=== Section Start ===

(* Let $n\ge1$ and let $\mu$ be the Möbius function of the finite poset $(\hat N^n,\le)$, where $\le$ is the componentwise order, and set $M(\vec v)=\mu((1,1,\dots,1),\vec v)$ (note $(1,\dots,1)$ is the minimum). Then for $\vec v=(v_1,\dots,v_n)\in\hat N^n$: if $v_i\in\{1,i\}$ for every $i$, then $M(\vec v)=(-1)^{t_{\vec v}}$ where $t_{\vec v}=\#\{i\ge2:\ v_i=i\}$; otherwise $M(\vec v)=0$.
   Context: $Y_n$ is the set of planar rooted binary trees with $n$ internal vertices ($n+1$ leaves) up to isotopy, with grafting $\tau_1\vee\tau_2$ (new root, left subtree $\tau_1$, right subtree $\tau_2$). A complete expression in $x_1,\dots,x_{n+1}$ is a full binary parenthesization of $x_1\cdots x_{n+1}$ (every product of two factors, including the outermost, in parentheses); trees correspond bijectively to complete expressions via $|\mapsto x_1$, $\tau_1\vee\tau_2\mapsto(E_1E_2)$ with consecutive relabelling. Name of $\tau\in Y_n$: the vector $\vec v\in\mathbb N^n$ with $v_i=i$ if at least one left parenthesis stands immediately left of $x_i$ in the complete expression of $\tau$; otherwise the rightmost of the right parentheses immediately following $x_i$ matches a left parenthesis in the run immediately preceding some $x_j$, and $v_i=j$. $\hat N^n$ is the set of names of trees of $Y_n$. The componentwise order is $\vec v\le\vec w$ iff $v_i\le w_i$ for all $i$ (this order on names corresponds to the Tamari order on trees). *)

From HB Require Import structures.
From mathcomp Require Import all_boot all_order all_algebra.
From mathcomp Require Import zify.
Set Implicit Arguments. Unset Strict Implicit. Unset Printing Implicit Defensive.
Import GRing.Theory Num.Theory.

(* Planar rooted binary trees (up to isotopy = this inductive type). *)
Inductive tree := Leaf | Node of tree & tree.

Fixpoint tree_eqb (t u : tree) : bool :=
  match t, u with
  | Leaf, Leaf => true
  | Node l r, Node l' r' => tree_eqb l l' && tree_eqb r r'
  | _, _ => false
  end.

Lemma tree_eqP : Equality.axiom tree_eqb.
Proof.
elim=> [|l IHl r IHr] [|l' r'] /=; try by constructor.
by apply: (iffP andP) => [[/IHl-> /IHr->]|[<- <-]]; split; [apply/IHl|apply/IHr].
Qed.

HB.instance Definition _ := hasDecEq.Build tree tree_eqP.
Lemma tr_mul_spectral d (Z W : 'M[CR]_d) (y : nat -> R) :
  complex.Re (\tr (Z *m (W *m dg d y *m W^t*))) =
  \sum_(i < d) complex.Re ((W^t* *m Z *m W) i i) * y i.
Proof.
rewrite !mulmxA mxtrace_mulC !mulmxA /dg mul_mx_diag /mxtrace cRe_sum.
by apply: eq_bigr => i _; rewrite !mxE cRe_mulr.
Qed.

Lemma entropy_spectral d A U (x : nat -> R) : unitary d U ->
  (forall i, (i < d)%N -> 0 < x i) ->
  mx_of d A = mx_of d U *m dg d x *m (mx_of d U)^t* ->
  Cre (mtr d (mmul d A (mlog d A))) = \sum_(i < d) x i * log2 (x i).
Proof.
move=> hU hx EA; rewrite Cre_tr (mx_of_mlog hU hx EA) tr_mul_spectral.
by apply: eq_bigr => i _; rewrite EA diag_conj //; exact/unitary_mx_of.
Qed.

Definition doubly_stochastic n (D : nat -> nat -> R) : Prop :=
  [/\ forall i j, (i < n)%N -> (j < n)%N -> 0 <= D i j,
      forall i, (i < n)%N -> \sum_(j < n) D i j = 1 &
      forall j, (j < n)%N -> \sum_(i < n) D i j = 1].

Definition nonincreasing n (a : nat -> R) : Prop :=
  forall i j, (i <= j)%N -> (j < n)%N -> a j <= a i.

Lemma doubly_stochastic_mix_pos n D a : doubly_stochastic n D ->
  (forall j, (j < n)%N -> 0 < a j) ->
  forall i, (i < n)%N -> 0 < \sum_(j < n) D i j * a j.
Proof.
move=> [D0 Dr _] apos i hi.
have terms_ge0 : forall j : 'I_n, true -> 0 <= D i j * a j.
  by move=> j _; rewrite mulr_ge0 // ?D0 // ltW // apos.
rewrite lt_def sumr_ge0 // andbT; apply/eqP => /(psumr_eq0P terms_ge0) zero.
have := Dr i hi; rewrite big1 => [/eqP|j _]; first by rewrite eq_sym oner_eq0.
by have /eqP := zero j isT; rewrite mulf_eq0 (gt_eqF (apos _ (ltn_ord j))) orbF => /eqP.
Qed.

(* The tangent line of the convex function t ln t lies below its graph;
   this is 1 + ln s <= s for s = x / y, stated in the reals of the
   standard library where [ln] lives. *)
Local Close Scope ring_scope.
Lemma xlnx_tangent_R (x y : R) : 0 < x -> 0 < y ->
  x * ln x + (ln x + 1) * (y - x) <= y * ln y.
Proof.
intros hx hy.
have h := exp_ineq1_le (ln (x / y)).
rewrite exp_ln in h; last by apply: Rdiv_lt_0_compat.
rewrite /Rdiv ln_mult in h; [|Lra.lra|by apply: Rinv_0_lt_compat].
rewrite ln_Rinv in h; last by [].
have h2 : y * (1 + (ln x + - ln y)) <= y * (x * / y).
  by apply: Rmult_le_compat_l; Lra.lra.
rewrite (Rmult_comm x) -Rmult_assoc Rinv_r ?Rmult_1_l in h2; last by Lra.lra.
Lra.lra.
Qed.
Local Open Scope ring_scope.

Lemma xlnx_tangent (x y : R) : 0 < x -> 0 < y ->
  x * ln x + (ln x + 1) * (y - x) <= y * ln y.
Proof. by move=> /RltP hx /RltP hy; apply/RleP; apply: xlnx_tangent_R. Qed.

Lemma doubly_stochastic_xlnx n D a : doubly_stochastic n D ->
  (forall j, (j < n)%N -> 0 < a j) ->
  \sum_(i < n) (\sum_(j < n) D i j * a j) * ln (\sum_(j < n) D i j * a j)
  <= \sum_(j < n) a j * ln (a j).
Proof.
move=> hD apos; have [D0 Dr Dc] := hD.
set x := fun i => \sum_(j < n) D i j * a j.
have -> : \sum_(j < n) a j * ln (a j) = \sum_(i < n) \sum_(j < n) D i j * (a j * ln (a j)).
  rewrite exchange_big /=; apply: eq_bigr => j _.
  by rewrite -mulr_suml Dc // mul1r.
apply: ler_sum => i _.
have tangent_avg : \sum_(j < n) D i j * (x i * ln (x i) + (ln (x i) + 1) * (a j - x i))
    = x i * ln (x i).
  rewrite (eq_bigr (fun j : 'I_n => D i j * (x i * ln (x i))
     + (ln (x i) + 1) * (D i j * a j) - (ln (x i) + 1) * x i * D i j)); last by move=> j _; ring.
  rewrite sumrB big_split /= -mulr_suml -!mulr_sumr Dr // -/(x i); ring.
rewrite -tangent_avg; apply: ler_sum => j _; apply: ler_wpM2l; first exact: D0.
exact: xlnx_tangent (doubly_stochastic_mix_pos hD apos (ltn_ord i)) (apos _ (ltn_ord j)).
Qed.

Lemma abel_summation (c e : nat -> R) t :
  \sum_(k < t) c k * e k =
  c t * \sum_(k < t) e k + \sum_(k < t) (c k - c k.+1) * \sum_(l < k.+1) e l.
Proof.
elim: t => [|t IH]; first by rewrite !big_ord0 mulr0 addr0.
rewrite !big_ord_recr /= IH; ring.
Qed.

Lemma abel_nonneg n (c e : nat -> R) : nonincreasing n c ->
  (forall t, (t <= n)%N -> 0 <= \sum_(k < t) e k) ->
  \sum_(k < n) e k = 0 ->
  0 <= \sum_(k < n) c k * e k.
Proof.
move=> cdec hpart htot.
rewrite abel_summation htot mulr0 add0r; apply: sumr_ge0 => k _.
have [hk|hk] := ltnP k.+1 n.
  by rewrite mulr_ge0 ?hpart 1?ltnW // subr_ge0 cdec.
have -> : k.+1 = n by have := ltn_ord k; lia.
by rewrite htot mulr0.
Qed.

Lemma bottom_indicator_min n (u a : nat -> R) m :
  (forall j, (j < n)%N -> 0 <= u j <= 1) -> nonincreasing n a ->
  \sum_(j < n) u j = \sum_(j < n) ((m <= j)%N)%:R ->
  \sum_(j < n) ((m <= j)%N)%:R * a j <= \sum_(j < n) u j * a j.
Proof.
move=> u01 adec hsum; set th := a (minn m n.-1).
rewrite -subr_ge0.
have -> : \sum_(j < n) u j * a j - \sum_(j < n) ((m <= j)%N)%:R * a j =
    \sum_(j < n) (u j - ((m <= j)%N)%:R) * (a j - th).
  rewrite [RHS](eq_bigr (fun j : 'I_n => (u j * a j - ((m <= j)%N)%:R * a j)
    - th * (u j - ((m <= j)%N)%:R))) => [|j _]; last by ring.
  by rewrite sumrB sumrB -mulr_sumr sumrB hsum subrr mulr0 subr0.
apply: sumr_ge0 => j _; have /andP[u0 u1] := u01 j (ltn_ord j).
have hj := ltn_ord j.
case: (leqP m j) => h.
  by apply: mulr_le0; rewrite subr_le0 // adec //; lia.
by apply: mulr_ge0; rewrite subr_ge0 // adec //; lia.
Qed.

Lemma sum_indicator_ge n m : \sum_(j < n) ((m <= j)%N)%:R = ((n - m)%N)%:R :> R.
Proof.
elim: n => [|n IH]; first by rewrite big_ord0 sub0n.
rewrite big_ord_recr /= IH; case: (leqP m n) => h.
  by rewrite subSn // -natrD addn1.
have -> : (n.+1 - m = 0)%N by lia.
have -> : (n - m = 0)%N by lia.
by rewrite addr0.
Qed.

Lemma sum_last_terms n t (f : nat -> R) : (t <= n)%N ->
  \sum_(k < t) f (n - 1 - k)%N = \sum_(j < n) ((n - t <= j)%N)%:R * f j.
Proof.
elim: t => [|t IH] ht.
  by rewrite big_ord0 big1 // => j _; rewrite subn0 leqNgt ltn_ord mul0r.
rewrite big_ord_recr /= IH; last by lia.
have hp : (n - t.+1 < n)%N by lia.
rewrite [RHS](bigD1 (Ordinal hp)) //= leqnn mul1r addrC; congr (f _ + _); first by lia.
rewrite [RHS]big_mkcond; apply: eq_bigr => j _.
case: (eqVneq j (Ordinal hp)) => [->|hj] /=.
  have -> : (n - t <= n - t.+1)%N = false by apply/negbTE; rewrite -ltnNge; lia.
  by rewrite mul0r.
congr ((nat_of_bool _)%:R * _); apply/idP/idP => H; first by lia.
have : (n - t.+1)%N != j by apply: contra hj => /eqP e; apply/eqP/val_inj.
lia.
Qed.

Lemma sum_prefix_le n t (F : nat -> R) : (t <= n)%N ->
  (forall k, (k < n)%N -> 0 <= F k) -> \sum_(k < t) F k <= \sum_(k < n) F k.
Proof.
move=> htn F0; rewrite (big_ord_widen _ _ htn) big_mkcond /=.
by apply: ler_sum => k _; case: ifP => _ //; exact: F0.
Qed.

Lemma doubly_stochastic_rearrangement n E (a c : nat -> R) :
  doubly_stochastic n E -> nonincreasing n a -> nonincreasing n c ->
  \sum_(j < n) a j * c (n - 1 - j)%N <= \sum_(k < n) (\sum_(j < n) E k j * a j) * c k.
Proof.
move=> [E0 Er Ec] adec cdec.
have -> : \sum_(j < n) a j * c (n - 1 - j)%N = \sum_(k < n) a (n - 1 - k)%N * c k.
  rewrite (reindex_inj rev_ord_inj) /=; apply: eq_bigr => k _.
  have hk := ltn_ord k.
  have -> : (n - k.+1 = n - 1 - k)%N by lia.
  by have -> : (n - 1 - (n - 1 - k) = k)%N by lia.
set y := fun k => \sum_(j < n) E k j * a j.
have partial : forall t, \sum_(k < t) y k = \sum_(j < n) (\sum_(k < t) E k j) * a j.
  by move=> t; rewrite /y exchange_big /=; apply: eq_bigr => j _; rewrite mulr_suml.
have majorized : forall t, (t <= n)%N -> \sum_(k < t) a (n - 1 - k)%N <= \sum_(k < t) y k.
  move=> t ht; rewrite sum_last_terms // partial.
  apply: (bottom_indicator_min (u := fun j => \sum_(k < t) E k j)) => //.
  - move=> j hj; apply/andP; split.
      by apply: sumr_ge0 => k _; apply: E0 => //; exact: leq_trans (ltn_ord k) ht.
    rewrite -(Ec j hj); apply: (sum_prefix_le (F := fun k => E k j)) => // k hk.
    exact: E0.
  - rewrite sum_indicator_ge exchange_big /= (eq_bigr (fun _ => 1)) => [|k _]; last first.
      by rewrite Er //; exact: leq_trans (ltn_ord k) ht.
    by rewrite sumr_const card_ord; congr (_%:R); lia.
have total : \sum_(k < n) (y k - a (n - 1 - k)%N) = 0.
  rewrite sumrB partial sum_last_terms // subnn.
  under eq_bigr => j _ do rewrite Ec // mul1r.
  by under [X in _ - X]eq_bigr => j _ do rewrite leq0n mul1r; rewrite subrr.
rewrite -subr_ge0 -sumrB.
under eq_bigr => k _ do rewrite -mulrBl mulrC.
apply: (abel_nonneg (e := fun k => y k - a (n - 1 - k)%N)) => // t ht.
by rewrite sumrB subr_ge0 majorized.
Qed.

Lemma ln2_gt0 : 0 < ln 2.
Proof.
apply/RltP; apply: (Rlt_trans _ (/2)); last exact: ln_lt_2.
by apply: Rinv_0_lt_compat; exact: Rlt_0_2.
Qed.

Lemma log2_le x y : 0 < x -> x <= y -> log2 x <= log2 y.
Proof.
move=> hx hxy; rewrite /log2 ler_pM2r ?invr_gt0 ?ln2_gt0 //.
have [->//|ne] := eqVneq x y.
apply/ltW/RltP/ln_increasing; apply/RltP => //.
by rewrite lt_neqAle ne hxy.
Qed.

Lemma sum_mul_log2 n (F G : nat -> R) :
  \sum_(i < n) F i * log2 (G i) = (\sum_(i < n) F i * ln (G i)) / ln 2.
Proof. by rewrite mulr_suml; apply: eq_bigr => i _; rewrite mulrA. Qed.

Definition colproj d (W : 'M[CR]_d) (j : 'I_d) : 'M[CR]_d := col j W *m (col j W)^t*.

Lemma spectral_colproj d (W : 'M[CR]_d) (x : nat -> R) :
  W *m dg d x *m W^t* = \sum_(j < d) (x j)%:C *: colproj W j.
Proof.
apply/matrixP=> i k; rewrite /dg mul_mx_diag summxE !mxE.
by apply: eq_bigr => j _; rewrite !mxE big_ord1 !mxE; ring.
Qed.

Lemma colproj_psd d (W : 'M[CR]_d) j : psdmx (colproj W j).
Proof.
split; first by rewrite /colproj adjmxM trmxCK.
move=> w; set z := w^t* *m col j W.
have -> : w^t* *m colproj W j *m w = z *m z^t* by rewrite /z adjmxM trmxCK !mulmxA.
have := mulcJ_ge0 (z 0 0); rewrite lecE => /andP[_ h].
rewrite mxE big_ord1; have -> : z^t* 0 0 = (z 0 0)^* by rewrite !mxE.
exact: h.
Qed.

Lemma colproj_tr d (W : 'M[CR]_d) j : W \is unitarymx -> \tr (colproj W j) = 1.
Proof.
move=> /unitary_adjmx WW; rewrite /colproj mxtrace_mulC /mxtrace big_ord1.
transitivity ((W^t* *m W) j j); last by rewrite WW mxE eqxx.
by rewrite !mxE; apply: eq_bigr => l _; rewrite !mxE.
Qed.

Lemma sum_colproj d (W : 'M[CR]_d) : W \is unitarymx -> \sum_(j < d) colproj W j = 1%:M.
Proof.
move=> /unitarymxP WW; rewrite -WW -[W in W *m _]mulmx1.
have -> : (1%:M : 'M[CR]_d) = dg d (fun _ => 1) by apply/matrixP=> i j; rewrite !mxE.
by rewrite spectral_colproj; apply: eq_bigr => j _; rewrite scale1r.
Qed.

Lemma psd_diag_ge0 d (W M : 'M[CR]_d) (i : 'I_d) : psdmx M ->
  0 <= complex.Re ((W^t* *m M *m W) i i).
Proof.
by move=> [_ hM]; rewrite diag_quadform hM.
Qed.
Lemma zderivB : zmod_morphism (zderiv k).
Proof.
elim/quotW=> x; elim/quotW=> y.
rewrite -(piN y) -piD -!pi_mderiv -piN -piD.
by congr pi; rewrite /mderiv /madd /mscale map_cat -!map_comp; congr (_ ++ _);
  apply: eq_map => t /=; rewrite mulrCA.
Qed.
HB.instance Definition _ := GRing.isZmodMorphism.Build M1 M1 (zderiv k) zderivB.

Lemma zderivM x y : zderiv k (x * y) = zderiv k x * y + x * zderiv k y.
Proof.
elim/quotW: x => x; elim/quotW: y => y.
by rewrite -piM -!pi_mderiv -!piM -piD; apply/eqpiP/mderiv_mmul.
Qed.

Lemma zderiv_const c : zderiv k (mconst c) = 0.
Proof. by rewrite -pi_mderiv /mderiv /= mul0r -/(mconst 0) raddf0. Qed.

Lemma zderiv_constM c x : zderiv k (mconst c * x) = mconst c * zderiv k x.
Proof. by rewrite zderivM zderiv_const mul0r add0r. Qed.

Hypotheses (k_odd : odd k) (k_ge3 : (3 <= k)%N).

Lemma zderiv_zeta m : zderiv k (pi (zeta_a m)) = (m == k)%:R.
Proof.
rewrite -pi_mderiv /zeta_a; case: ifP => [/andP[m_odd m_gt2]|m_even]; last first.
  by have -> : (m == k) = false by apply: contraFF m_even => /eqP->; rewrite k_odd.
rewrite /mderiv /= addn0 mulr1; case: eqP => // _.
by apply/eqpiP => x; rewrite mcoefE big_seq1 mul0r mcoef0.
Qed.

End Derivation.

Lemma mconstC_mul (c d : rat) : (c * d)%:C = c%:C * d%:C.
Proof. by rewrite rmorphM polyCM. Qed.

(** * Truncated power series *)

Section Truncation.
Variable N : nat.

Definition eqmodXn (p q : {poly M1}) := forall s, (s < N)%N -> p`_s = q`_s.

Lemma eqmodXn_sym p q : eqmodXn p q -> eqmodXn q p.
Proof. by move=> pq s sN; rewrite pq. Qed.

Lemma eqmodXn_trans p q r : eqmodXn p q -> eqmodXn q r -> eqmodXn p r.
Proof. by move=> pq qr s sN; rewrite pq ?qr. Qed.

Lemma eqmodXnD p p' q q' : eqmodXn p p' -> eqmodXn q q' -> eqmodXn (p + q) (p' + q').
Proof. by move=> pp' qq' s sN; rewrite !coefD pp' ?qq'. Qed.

=== Section End ===

## What is required
What you return should be exactly the lines above, starting at the one with "case: (eqVneq j (Ordinal hp)) => [->|hj] /=." and ending at the one with "Lemma doubly_stochastic_rearrangement n", and nothing else.

## Answer for this exercise
case: (eqVneq j (Ordinal hp)) => [->|hj] /=.
  have -> : (n - t <= n - t.+1)%N = false by apply/negbTE; rewrite -ltnNge; lia.
  by rewrite mul0r.
congr ((nat_of_bool _)%:R * _); apply/idP/idP => H; first by lia.
have : (n - t.+1)%N != j by apply: contra hj => /eqP e; apply/eqP/val_inj.
lia.
Qed.

Lemma sum_prefix_le n t (F : nat -> R) : (t <= n)%N ->
  (forall k, (k < n)%N -> 0 <= F k) -> \sum_(k < t) F k <= \sum_(k < n) F k.
Proof.
move=> htn F0; rewrite (big_ord_widen _ _ htn) big_mkcond /=.
by apply: ler_sum => k _; case: ifP => _ //; exact: F0.
Qed.

Lemma doubly_stochastic_rearrangement n E (a c : nat -> R) :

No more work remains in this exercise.